Various modes of keloid therapies are currently available and emerging therapies are also being investigated. To date, no one therapy has been universally accepted as the gold standard for the treatment of all keloids nor has the capability of complete scar resolution. Some of these treatments offer more benefits and are more efficacious than others. Treatment with corticosteroid injections have been shown to reduce keloid scar size and irritation and show regression rates in the range of 50%–100% after one year; however, injections are painful. Surgical excision has been used traditionally but creates a new wound which can result in a similar or larger keloid. It is also not recommended as a monotherapy as it results in high rates of recurrence. Radiotherapy is used as an effective adjunct treatment after surgical excision with good success rates and low recurrence rates; however, it remains controversial as it carries a risk of cancer. The rate of success for cryotherapy is in the range of 32%–74% but this form of treatment is often associated with several side effects, in particular, hypopigmentation. Silicone-based products and Imiquimod 5% cream offer safe methods of treatment with minimal side effects; however, larger, controlled clinical studies are needed to further evaluate their efficacy and safety. Hence, with keloids, combinational therapy offers the best approach and has shown greater efficacy with fewer side effects compared to monotherapy.
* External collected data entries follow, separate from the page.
(* Let $H$ be a separable complex Hilbert space, $(\Omega,\mu)$ a measure space with positive measure, and let $K\in B(H)$ have closed range. Let $F:\Omega\to H$ be a Parseval continuous $K$-frame of $H$ with analysis operator $T$, and let $G:\Omega\to H$ be weakly measurable. Then $G$ is a dual continuous $K$-Bessel sequence of $F$ if and only if there exists $\varphi\in B(H,L^2(\Omega,\mu))$ such that $T^{\ast}\varphi=0$ and $(\varphi f)(\omega)=\langle f,G(\omega)-K^{\dagger}F(\omega)\rangle$ for all $f\in H$ and all $\omega\in\Omega$.
   Context: A map $F:\Omega\to H$ is weakly measurable if $\omega\mapsto\langle f,F(\omega)\rangle$ is measurable for every $f\in H$. A continuous Bessel sequence is a weakly measurable $G$ with $\int_\Omega|\langle f,G(\omega)\rangle|^2\,d\mu(\omega)\le B\|f\|^2$ for all $f\in H$, for some $B>0$. A Parseval continuous $K$-frame is a weakly measurable $F$ with $\int_\Omega|\langle f,F(\omega)\rangle|^2\,d\mu(\omega)=\|K^{\ast}f\|^2$ for all $f\in H$. The analysis operator of $F$ is $T:H\to L^2(\Omega,\mu)$, $Tf=\{\langle f,F(\omega)\rangle\}_{\omega}$, and $T^{\ast}c=\int_\Omega c(\omega)F(\omega)\,d\mu(\omega)$. A dual continuous $K$-Bessel sequence of $F$ is a continuous Bessel sequence $G$ such that $Kf=\int_\Omega\langle f,G(\omega)\rangle F(\omega)\,d\mu(\omega)$ for all $f\in H$. $K^{\dagger}$ denotes the Moore–Penrose pseudo-inverse of the closed-range operator $K$. *)

From HB Require Import structures.
From mathcomp Require Import all_boot all_order all_algebra.
From mathcomp Require Import all_classical all_reals all_analysis.
From mathcomp Require Import complex.
Set Implicit Arguments. Unset Strict Implicit. Unset Printing Implicit Defensive.
Import Order.TTheory GRing.Theory Num.Theory.
Import numFieldNormedType.Exports.
Local Open Scope classical_set_scope.
Local Open Scope ring_scope.

Section HilbertDefs.
Variables (R : realType) (V : lmodType R[i]) (inner : V -> V -> R[i]).

Local Notation Re := (@complex.Re R).
Local Notation Im := (@complex.Im R).

Definition cabs2 (z : R[i]) : R := Re z ^+ 2 + Im z ^+ 2.

Definition hnorm (x : V) : R := Num.sqrt (Re (inner x x)).

Definition inner_product : Prop :=
  [/\ forall (a : R[i]) (x y z : V), inner (a *: x + y) z = a * inner x z + inner y z,
      forall x y : V, inner y x = conjc (inner x y),
      forall x : V, 0 <= Re (inner x x) &
      forall x : V, inner x x = 0 -> x = 0].

Definition hcomplete : Prop :=
  forall u : nat -> V,
    (forall e : R, 0 < e -> exists N : nat, forall m n : nat,
        (N <= m)%N -> (N <= n)%N -> hnorm (u m - u n) < e) ->
    exists l : V, forall e : R, 0 < e -> exists N : nat, forall n : nat,
        (N <= n)%N -> hnorm (u n - l) < e.

Definition hseparable : Prop :=
  exists D : nat -> V, forall (x : V) (e : R), 0 < e -> exists n : nat, hnorm (x - D n) < e.

Definition separable_hilbert_space : Prop :=
  [/\ inner_product, hcomplete & hseparable].

Definition bounded_linear (A : V -> V) : Prop :=
  (forall (a : R[i]) (x y : V), A (a *: x + y) = a *: A x + A y) /\
  (exists c : R, forall x : V, hnorm (A x) <= c * hnorm x).

Definition is_adjoint (A B : V -> V) : Prop :=
  forall x y : V, inner (A x) y = inner x (B y).

Definition closed_range (A : V -> V) : Prop :=
  forall y : V, (forall e : R, 0 < e -> exists x : V, hnorm (A x - y) < e) ->
    exists x : V, A x = y.

Definition is_MP_inverse (A Ad : V -> V) : Prop :=
  [/\ bounded_linear Ad,
      forall x, A (Ad (A x)) = A x,
      forall x, Ad (A (Ad x)) = Ad x,
      is_adjoint (fun x => A (Ad x)) (fun x => A (Ad x)) &
      is_adjoint (fun x => Ad (A x)) (fun x => Ad (A x))].

Variables (d : measure_display) (T : measurableType d)
          (mu : {measure set T -> \bar R}).

Definition cmeasurable (g : T -> R[i]) : Prop :=
  measurable_fun setT (fun w => Re (g w)) /\ measurable_fun setT (fun w => Im (g w)).

Definition cintegrable (g : T -> R[i]) : Prop :=
  mu.-integrable setT (fun w => (Re (g w))%:E) /\
  mu.-integrable setT (fun w => (Im (g w))%:E).

Definition cintegral (g : T -> R[i]) : R[i] :=
  Complex (Rintegral mu setT (fun w => Re (g w))) (Rintegral mu setT (fun w => Im (g w))).

Definition sqint (g : T -> R[i]) : \bar R := (\int[mu]_w (cabs2 (g w))%:E)%E.

Definition weakly_measurable (F : T -> V) : Prop :=
  forall f : V, cmeasurable (fun w => inner f (F w)).

Definition cont_bessel (G : T -> V) : Prop :=
  weakly_measurable G /\
  exists B : R, 0 < B /\ forall f : V, (sqint (fun w => inner f (G w)) <= (B * hnorm f ^+ 2)%:E)%E.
Carrying out a comprehensive clinical assessment and full medical history[24] is important before deciding on the best treatment option for the patient. A well-planned treatment that is tailored to the patient’s specific needs is essential in producing good clinical outcome. The physician’s role in educating the patient on keloids, emphasising the importance of self-active participation in wound care[52] and compliance, and explaining any potential adverse effects are equally important for achieving good scar cosmesis. Patients’ pain, pruritus and inflammation should be kept under control[24] and the scar site should be closely monitored with regular follow-ups to prevent the recurrence of keloids. Adopting these approaches, as well as conducting well-designed research and clinical studies to gain further insight into the underlying mechanisms of keloid development and to evaluate the clinical efficacy and safety of various treatments, will hopefully lead to better patient outcomes and treatment options for these pathological scars.